Transcribe exactly the line containing "Lemma le_Pr (A" and the remaining lines of the listing below, through the very last.

Working data
- Opening Delimiter -

(* Let $E=\{1,2,\ldots,D\}$ be a finite state space and let $(J_n,T_n)_{n\in\mathbb{N}}$ be random variables on a probability space $(\Omega,\mathcal{F},\mathbb{P})$ with $J_n\in E$, $T_n\in\mathbb{N}$, $T_0=0$, $T_n<T_{n+1}$, and age index $A_n=a+T_n$ for a fixed initial age $a$. Assume that $(J_n,T_n,A_n)$ is a non-homogeneous age-indexed Markov renewal process, i.e. the conditional distribution of $(J_{n+1},T_{n+1})$ given the whole past $\sigma(J_h,T_h,A_h,\ h\le n)$ depends only on $(J_n,T_n,A_n)$, through the kernel $$ {}^{b}Q_{ij}(s;t)=\mathbb{P}[J_{n+1}=j,\,T_{n+1}\le t\mid J_n=i,\,T_n=s,\,A_n=b],\qquad b=a+s. $$ Put ${}^{b}q_{ij}(s;t)={}^{b}Q_{ij}(s;t)-{}^{b}Q_{ij}(s;t-1)$ for $t>s$ and ${}^{b}q_{ij}(s;s)=0$, and ${}^{b}\overline{H}_i(s;t)=1-\sum_{j\in E}{}^{b}Q_{ij}(s;t)$. Let $N(t)=\sup\{n:T_n\le t\}$, $Z(t)=J_{N(t)}$, $B(t)=t-T_{N(t)}$, and for integers $0\le u\le s\le t$, $u'\ge 0$, $i,j\in E$ define $$ {}^{a+s-u}\phi_{ij}(u,s;u',t)=\mathbb{P}\big[Z(t)=j,\,B(t)=u'\mid Z(s)=i,\,B(s)=u,\,A_{N(s)}=a+T_{N(s)}\big] $$ (whenever ${}^{a+s-u}\overline{H}_i(s-u;s)>0$). Then $$ {}^{a+s-u}\phi_{ij}(u,s;u',t)=1_{\{i=j\}}1_{\{u'=t-s+u\}}\frac{{}^{a+s-u}\overline{H}_i(s-u;t)}{{}^{a+s-u}\overline{H}_i(s-u;s)}+\sum_{k\in E}\sum_{\theta=s+1}^{t-u'}\frac{{}^{a+s-u}q_{ik}(s-u;\theta)}{{}^{a+s-u}\overline{H}_i(s-u;s)}\;{}^{a+\theta}\phi_{kj}(0,\theta;u',t). $$
   Context: Here $J_n$ is the (health) state entered at the $n$-th transition and $T_n$ its time; $Z(t)$ is the age-indexed semi-Markov chain, $B(t)$ the backward recurrence time (time elapsed since the last transition), and the left superscript on $Q$, $q$, $\overline{H}$, $\phi$ denotes the age of the individual at the time of the last transition (entrance into the current state). Thus ${}^{b}q_{ij}(s;t)=\mathbb{P}[J_{n+1}=j,T_{n+1}=t\mid J_n=i,T_n=s,A_n=b]$ and ${}^{b}\overline{H}_i(s;t)=\mathbb{P}[T_{n+1}>t\mid J_n=i,T_n=s,A_n=b]$ with $b=a+s$. *)

From HB Require Import structures.
From mathcomp Require Import all_boot all_order all_algebra.
From mathcomp Require Import all_classical all_reals all_analysis.
Set Implicit Arguments. Unset Strict Implicit. Unset Printing Implicit Defensive.
Import Order.TTheory GRing.Theory Num.Theory.
Local Open Scope classical_set_scope.
Local Open Scope ring_scope.

(* E = {1,...,D} is represented by 'I_D (states relabelled 0..D-1). *)

Definition Pr (R : realType) (d : measure_display) (Omega : measurableType d)
  (P : probability Omega R) (A : set Omega) : R := fine (P A).

(** N(t) = sup {n | T_n <= t}.  Since T_0 = 0 and T is strictly increasing in
    nat, T_n >= n, so the sup is attained among n <= t. *)
Definition Ncount (d : measure_display) (Omega : measurableType d)
  (T : nat -> Omega -> nat) (t : nat) (w : Omega) : nat :=
  (\max_(n < t.+1 | (T n w <= t)%N) (n : nat))%N.

Definition Zproc (d : measure_display) (Omega : measurableType d) (D : nat)
  (J : nat -> Omega -> 'I_D) (T : nat -> Omega -> nat) (t : nat) (w : Omega) : 'I_D :=
  J (Ncount T t w) w.

Definition Bproc (d : measure_display) (Omega : measurableType d)
  (T : nat -> Omega -> nat) (t : nat) (w : Omega) : nat :=
  (t - T (Ncount T t w) w)%N.

Definition Aproc (d : measure_display) (Omega : measurableType d)
  (a : nat) (T : nat -> Omega -> nat) (n : nat) (w : Omega) : nat :=
  (a + T n w)%N.

(** Stated multiplicatively (P[H /\ F] = Q * P[H]) for every history H. *)
Definition is_age_MRP (R : realType) (d : measure_display) (Omega : measurableType d)
  (P : probability Omega R) (D : nat) (J : nat -> Omega -> 'I_D)
  (T : nat -> Omega -> nat) (a : nat)
  (Q : nat -> 'I_D -> 'I_D -> nat -> nat -> R) : Prop :=
  forall (n : nat) (js : nat -> 'I_D) (ts : nat -> nat) (j : 'I_D) (t : nat),
    let H := [set w | forall h, (h <= n)%N ->
                J h w = js h /\ T h w = ts h /\ Aproc a T h w = (a + ts h)%N] in
    Pr P (H `&` [set w | J n.+1 w = j /\ (T n.+1 w <= t)%N])
      = Q (a + ts n)%N (js n) j (ts n) t * Pr P H.

Definition qker (R : realType) (D : nat) (Q : nat -> 'I_D -> 'I_D -> nat -> nat -> R)
  (b : nat) (i j : 'I_D) (s t : nat) : R :=
  if (s < t)%N then Q b i j s t - Q b i j s t.-1 else 0.

Definition Hbar (R : realType) (D : nat) (Q : nat -> 'I_D -> 'I_D -> nat -> nat -> R)
  (b : nat) (i : 'I_D) (s t : nat) : R :=
  1 - \sum_(j < D) Q b i j s t.

Definition condev (d : measure_display) (Omega : measurableType d) (D : nat)
  (J : nat -> Omega -> 'I_D) (T : nat -> Omega -> nat) (a : nat)
  (i : 'I_D) (s u : nat) : set Omega :=
  [set w | Zproc J T s w = i /\ Bproc T s w = u
           /\ Aproc a T (Ncount T s w) w = (a + T (Ncount T s w) w)%N].

(** phi_{ij}(u,s;u',t) = P[Z(t)=j, B(t)=u' | Z(s)=i, B(s)=u, A_{N(s)}=a+T_{N(s)}]
    (elementary conditional probability; the age superscript a+s-u is
    determined by a, s, u).  Division by 0 yields 0 (MathComp convention). *)
Definition phi (R : realType) (d : measure_display) (Omega : measurableType d)
  (P : probability Omega R) (D : nat) (J : nat -> Omega -> 'I_D)
  (T : nat -> Omega -> nat) (a : nat) (i j : 'I_D) (u s u' t : nat) : R :=
  Pr P ([set w | Zproc J T t w = j /\ Bproc T t w = u'] `&` condev J T a i s u)
  / Pr P (condev J T a i s u).

From HB Require Import structures.
From mathcomp Require Import all_boot all_order all_algebra.
From mathcomp Require Import all_classical all_reals all_analysis.
From mathcomp Require Import zify.
Set Implicit Arguments.
Unset Strict Implicit.
Unset Printing Implicit Defensive.
Import Order.TTheory GRing.Theory Num.Theory.
Local Open Scope classical_set_scope.
Local Open Scope ring_scope.

(* Call a history the values of (J_h, T_h) for h <= m.  By the Markov renewal
   property, given a history ending in state k at time T_m, the next
   transition has kernel q and the sojourn in k exceeds x with probability
   Hbar(x).  Let F = {Z(t) = j, B(t) = u'}.  By backward induction on th <= t,
   P(history & F) = phi_kj(0, th; u', t) P(history) for every history ending
   in k at time th: either T_{m+1} > t, and then Z(t) = k and B(t) = t - th
   are known, or the chain jumps to some k' at some th' in (th, t], where the
   extended history ends at th' and the induction hypothesis applies.  The
   event {Z(s) = i, B(s) = u} is the disjoint union over n of
   {J_n = i, T_n = s - u, T_{n+1} > s}, itself a union of histories, so the
   same first-step decomposition computes the numerator and the denominator
   of phi.  The terms with th' > t - u' vanish because then B(t) < u'. *)

Section Probability.
Variables (R : realType) (d : measure_display) (Omega : measurableType d).
Variable P : probability Omega R.

Lemma Pr_ge0 (A : set Omega) : 0 <= Pr P A.
Proof. exact/fine_ge0/measure_ge0. Qed.

Lemma Pr_set0 : Pr P set0 = 0.
Proof. by rewrite /Pr measure0. Qed.

Lemma Pr_setU (A B : set Omega) : measurable A -> measurable B ->
  A `&` B = set0 -> Pr P (A `|` B) = Pr P A + Pr P B.
Proof. by move=> mA mB AB; rewrite /Pr measureU // fineD // fin_num_measure. Qed.

Lemma le_Pr (A B : set Omega) : measurable A -> measurable B -> A `<=` B ->
  Pr P A <= Pr P B.
Proof.
move=> mA mB AB; rewrite /Pr fine_le ?fin_num_measure //.
by rewrite le_measure ?inE.
Qed.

- Closing Delimiter -

Finished task
Lemma le_Pr (A B : set Omega) : measurable A -> measurable B -> A `<=` B ->
  Pr P A <= Pr P B.
Proof.
move=> mA mB AB; rewrite /Pr fine_le ?fin_num_measure //.
by rewrite le_measure ?inE.
Qed.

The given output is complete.